Ударили с зарей. Косые лучи солнца в белых столбах пара косо осветили разнотравье в алмазной росе, и по этому сказочному, сверкающему разноцветными огнями ковру, губя и топча его, наметом устремилась конница.
Татары нестройно бежали от шатров. Кто седлал коня, кто выезжал, метались татарские воеводы, собирая оставших… В первом напуске русские комонные легко пробили растрепанный вражеский строй, рубя на скаку не поспевших всесть в седла, обрушивая шатры, проскочили татарский стан. Жуткая скачка (у молодых ратных побледневшие, с лихорадочным румянцем лица слишком являли, чего стоило необстрелянным кметям так вот ворваться в середину ордынского войска!) привела к опушке Шишевского леса, и многие безотчетно устремили было туда.
Олег вовремя вымчал вперед, за ним — цепь бывалых ратников. Тут же поворотили скачущих, сбивая их в плотную ощетиненную лаву, и повернули встречь, вновь врезаясь в татарские порядки. Но те уже успели выстроить полк и, не сожидая Олеговых кметей, сами пошли в атаку. Слева доносило смутное: «А-а-а!» — Тит Козельский повел свой полк на врага. Со стороны Владимира Пронского еще молчали, опасно запоздав, но вот уже на подскоке, на сближении с татарским полком услышал Олег с облегчением ратные клики и с той стороны. Бой развивался по должному порядку, и Олег сосредоточил себя целиком на близящей сшибке.
Татарская лава, визжа, катилась встречь, не думая уступать, ни заворачивать коней, верно, ждали, что первыми повернут русские. Олег слегка тронул острогами бока своего жеребца — и конь наддал, и вот уже он начал обходить передовых, сближаясь с растущими рядами татар. Щурясь, он высматривал того, «первого», и усмотрел, и когда кричащий, топочущий вал — отверстые пасти коней, косматые шапки, рты, открытые в реве, колышущийся блеск сабель надвинулись и содвинулись, поднял саблю и, уклонясь от копейного острия, рубанул, немыслимым зигзагом лезвия уйдя от столкновения с ордынскою саблей, в жуткое мгновение усмотрев прямо перед собою надменное молодое лицо, гордый взор узких степных глаз, суровый рот в тонкой оправе усов и черной рисованной бороды и медный ворот дорогой хорезмийской брони, на палец выше которого и пришло лезвие его сабли. Падения тела он не видел. В яркий от сабельного блеска миг пришлось отбить боковой удар, отразить второй и перемахнуть через поверженного вместе с брыкающимся конем всадника. Он вырвался вперед, в гущу, вокруг были только враги, и он рубил, рубил и рубил, так что стремительный блеск оружия превратился в немыслимое вращающееся молнийное колесо, и не чуял тупых копейных тычков в кольчугу, и, расчищая себе кровавый путь, рвался вперед, вперед и вперед, лишь какою-то сотою долей сознания с облегчением отмечая нарастающий рев за спиною. Дружина пробивалась к князю.

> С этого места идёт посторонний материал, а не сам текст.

Section Conjugate.
Variable X : Type.
Variable L : (X -> R) -> Prop.
Variables (f : X -> Rpinf) (x : X) (fx : R).
Hypothesis Hfx : f x = PFin fx.

Lemma fenchel_young (l : X -> R) (v : Rbar) (y : X) (fy : R) :
  conj_value X f l v -> f y = PFin fy -> Rbar_le (Fin (l y - fy)) v.
Proof. intros [Hub _] Hfy. apply Hub. exists y. rewrite Hfy. reflexivity. Qed.

Lemma eps_subdiffP (eps : R) (l : X -> R) :
  eps_subdiff X L eps f x l <->
  L l /\ forall y fy, f y = PFin fy -> l y - fy <= l x - fx + eps.
Proof.
  unfold eps_subdiff. rewrite Hfx. split.
  - intros [Hl Hsub]. split; [exact Hl|]. intros y fy Hfy.
    specialize (Hsub y). rewrite Hfy in Hsub. lra.
  - intros [Hl Hsub]. split; [exact Hl|]. intros y.
    destruct (f y) as [fy|] eqn:Hfy; [|exact I].
    specialize (Hsub y fy Hfy). lra.
Qed.

Lemma eps_subdiff_conj_le (eps : R) (l : X -> R) :
  eps_subdiff X L eps f x l ->
  exists c, conj_value X f l (Fin c) /\ c <= l x - fx + eps.
Proof.
  intros [_ Hsub]%eps_subdiffP.
  apply (is_sup_Rbar_exists_fin _ (l x - fx)).
  - exists x. rewrite Hfx. reflexivity.
  - intros s [y ->]. destruct (f y) as [fy|] eqn:Hfy; simpl; [|exact I].
    exact (Hsub y fy Hfy).
Qed.

Lemma eps_subdiff_of_conj_le (eps c : R) (l : X -> R) :
  L l -> conj_value X f l (Fin c) -> c <= l x - fx + eps ->
  eps_subdiff X L eps f x l.
Proof.
  intros Hl Hc Hle. apply eps_subdiffP. split; [exact Hl|].
  intros y fy Hfy. pose proof (fenchel_young l (Fin c) y fy Hc Hfy) as Hfy_le.
  simpl in Hfy_le. lra.
Qed.

End Conjugate.

Definition approx_zero_subdiff (X : Type) (L : (X -> R) -> Prop) (m : nat)
    (f : nat -> X -> Rpinf) (x : X) : Prop :=
  forall eps, 0 < eps ->
    exists ls : nat -> X -> R,
      (forall i, (i < m)%nat -> eps_subdiff X L eps (f i) x (ls i)) /\
      (forall y, 0 = sumR m (fun i => ls i y)).

Definition is_minimizer (X : Type) (F : X -> Rpinf) (x : X) : Prop :=
  forall y, Rpinf_le (F x) (F y).

Section SumAtPoint.
Variable X : Type.
Variable L : (X -> R) -> Prop.
Variables (m : nat) (f : nat -> X -> Rpinf) (x : X) (fx : nat -> R).
Hypothesis Hfx : forall i, (i < m)%nat -> f i x = PFin (fx i).

Let F := sum_fun X m f.

Lemma sum_fun_at : F x = PFin (sumR m fx).
Proof. apply sumRpinf_fin, Hfx. Qed.

Lemma conj_sum_fun_at_minimizer :
  is_minimizer X F x -> conj_value X F (fun _ => 0) (Fin (- sumR m fx)).
Proof.
  intros Hmin. split.
  - intros s [y ->]. specialize (Hmin y). rewrite sum_fun_at in Hmin.
    destruct (F y) as [Fy|]; simpl in *; [lra | exact I].
  - intros u Hu. replace (- sumR m fx) with (0 - sumR m fx) by ring.
    apply Hu. exists x. rewrite sum_fun_at. reflexivity.
Qed.

Lemma minimizer_of_approx_zero_subdiff :
  approx_zero_subdiff X L m f x -> is_minimizer X F x.
Proof.
  intros Happrox y. rewrite sum_fun_at. unfold F, sum_fun.
  destruct (sumRpinf_cases m (fun i => f i y)) as [->|[fy [Hfy ->]]]; simpl; [exact I|].
  apply (le_of_le_plus_scaled _ _ (INR m) (pos_INR m)). intros e He.
  destruct (Happrox e He) as [ls [Hsub Hsum0]].
  assert (Hgap : sumR m (fun i => ls i y - fy i) <= sumR m (fun i => ls i x - fx i + e)).
  { apply sumR_le. intros i Hi.
    apply (proj2 (proj1 (eps_subdiffP X L (f i) x (fx i) (Hfx i Hi) e (ls i)) (Hsub i Hi))).
    apply Hfy, Hi. }
  rewrite sumR_plus, !sumR_minus, sumR_const, <- !Hsum0 in Hgap. lra.
Qed.

Lemma sumRbar_conj_ge (ls : nat -> X -> R) (vs : nat -> Rbar) :
  (forall i, (i < m)%nat -> conj_value X (f i) (ls i) (vs i)) ->
  (forall y, 0 = sumR m (fun i => ls i y)) ->
  Rbar_le (Fin (- sumR m fx)) (sumRbar m vs).
Proof.
  intros Hconj Hsum0.
  replace (- sumR m fx) with (sumR m (fun i => ls i x - fx i))
    by (rewrite sumR_minus, <- Hsum0; ring).
  apply sumRbar_ge. intros i Hi.
  exact (fenchel_young X (f i) (ls i) (vs i) x (fx i) (Hconj i Hi) (Hfx i Hi)).
Qed.

Lemma infconv_of_approx_zero_subdiff :
  approx_zero_subdiff X L m f x ->
  infconv_conj_value X L m f (fun _ => 0) (Fin (- sumR m fx)).
Proof.
  intros Happrox. split.
  - intros s [ls [vs [_ [Hsum0 [Hconj ->]]]]]. exact (sumRbar_conj_ge ls vs Hconj Hsum0).
  - intros u Hu. apply (Rbar_le_fin_approx u _ (INR m) (pos_INR m)). intros e He.
    destruct (Happrox e He) as [ls [Hsub Hsum0]].
    destruct (finite_choice m (fun i c =>
        conj_value X (f i) (ls i) (Fin c) /\ c <= ls i x - fx i + e)) as [w Hw].
    { intros i Hi. exact (eps_subdiff_conj_le X L (f i) x (fx i) (Hfx i Hi) e (ls i) (Hsub i Hi)). }
    assert (Hwsum : sumR m w <= - sumR m fx + INR m * e).
    { pose proof (sumR_le m w (fun i => ls i x - fx i + e) (fun i Hi => proj2 (Hw i Hi))) as Hle.
      rewrite sumR_plus, sumR_minus, sumR_const, <- Hsum0 in Hle. lra. }
    assert (Hu_w : Rbar_le u (Fin (sumR m w))).
    { rewrite <- (sumRbar_fin m (fun i => Fin (w i)) w) by (intros; reflexivity).
      apply Hu. exists ls, (fun i => Fin (w i)). split; [|split; [|split]].
      - intros i Hi. exact (proj1 (Hsub i Hi)).
      - exact Hsum0.
      - intros i Hi. exact (proj1 (Hw i Hi)).
      - reflexivity. }
    destruct u as [r| |]; simpl in *; [lra | exact Hu_w | exact I].
Qed.

Lemma approx_zero_subdiff_of_infconv :
  infconv_conj_value X L m f (fun _ => 0) (Fin (- sumR m fx)) ->
  approx_zero_subdiff X L m f x.
Proof.
  intros Hinf eps Heps.
  destruct (is_inf_Rbar_approx _ _ eps Hinf Heps)
    as [s [[ls [vs [HL [Hsum0 [Hconj ->]]]]] Hnot_le]].
  assert (Hfy : forall i, (i < m)%nat -> Rbar_le (Fin (ls i x - fx i)) (vs i))
    by (intros i Hi; exact (fenchel_young X (f i) (ls i) (vs i) x (fx i) (Hconj i Hi) (Hfx i Hi))).
  destruct (sumRbar_cases_ge m _ vs Hfy) as [Hpinf|[w [Hw Hsum]]].
  { rewrite Hpinf in Hnot_le. simpl in Hnot_le. tauto. }
  rewrite Hsum in Hnot_le. simpl in Hnot_le. apply Rnot_le_lt in Hnot_le.
  assert (Hgap : forall j, (j < m)%nat -> w j < ls j x - fx j + eps).
  { apply sumR_gap_lt.
    - intros i Hi. specialize (Hfy i Hi). rewrite Hw in Hfy by exact Hi. exact Hfy.
    - rewrite sumR_minus, <- Hsum0. lra. }
  exists ls. split; [|exact Hsum0]. intros i Hi.
  apply (eps_subdiff_of_conj_le X L (f i) x (fx i) (Hfx i Hi) eps (w i)); [exact (HL i Hi) | |].
  - rewrite <- Hw by exact Hi. exact (Hconj i Hi).
  - left. exact (Hgap i Hi).
Qed.

End SumAtPoint.

Theorem mainTheorem6 (X : Type) (L : (X -> R) -> Prop)
  (HL : abstract_linear_space X L) (HX : inhabited X)
  (m : nat) (Hm : (2 <= m)%nat) (f : nat -> X -> Rpinf) (x : X)
  (Hx : forall i, (i < m)%nat -> in_dom X (f i) x)
  (H0 : L (fun _ => 0)) :
  (forall eps, 0 < eps ->
     exists ls : nat -> X -> R,
       (forall i, (i < m)%nat -> eps_subdiff X L eps (f i) x (ls i)) /\
       (forall y, 0 = sumR m (fun i => ls i y)))
  <->
  ((exists v : Rbar,
      conj_value X (sum_fun X m f) (fun _ => 0) v /\
      infconv_conj_value X L m f (fun _ => 0) v /\
      Rbar_lt v Pinf) /\
   (forall y, Rpinf_le (sum_fun X m f x) (sum_fun X m f y))).
Proof.
  destruct (finite_choice m (fun i r => f i x = PFin r) Hx) as [fx Hfx].
  split.
  - intros Happrox.
    pose proof (minimizer_of_approx_zero_subdiff X L m f x fx Hfx Happrox) as Hmin.
    split; [|exact Hmin].
    exists (Fin (- sumR m fx)). split; [|split].
    + exact (conj_sum_fun_at_minimizer X m f x fx Hfx Hmin).
    + exact (infconv_of_approx_zero_subdiff X L m f x fx Hfx Happrox).
    + split; [exact I | discriminate].
  - intros [[v [Hconj [Hinf _]]] Hmin].
    assert (Hv : v = Fin (- sumR m fx))
      by exact (is_sup_Rbar_unique _ _ _ Hconj (conj_sum_fun_at_minimizer X m f x fx Hfx Hmin)).
    subst v. exact (approx_zero_subdiff_of_infconv X L m f x fx Hfx Hinf).
Qed.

Кони вставали на дыбы, рушились. Павшие, кто мог, тыкали слепо снизу обломками копий в брюха вражеских коней. Фонтанами брызгала кровь. От треска оружия и рева ратей закладывало уши. Олег рубил, не следя падающих врагов, они попросту исчезали с глаз, расчищая дорогу к следующим за ними. Кто-то из Тагаевых ратных размахнул арканом, но в сумятице боя аркан запутал своих, и Олег тремя страшными ударами достиг и повалил мордвина с ременной петлей. Его уже обгоняли, уже резались вокруг него и впереди, и князь на мгновение опустил клинок, с которого капала кровь, гикнул и рванул вкось, углядев сумятицу на правой руке, где огромный, облитый бронею татарин крушил русичей железною палицей одного за другим. Взявши в зубы поводья, Олег ринул коня вплоть к великану и, левой вырвав нож — меж тем как татарин с медвежьею силой схватил его за правую руку со вздетою саблей и повернул так, что сабля со звоном исчезла в круговерти конских и людских тел, — левой, грудь в грудь, всадил нож в крохотную щель разошедшейся на горле бармицы. Кабы не хлынувшие со сторон русичи, его бы убили в тот миг. Но вал своих одолел, и кто-то, нырнув под коня, подхватил, свесившись и всев снова в седло, саблю князя и подал, красную от крови, Олегу, и по гордости молодых глаз, по жажде боя, что прочел во взоре, понял Олег, что одолевают, одолели уже!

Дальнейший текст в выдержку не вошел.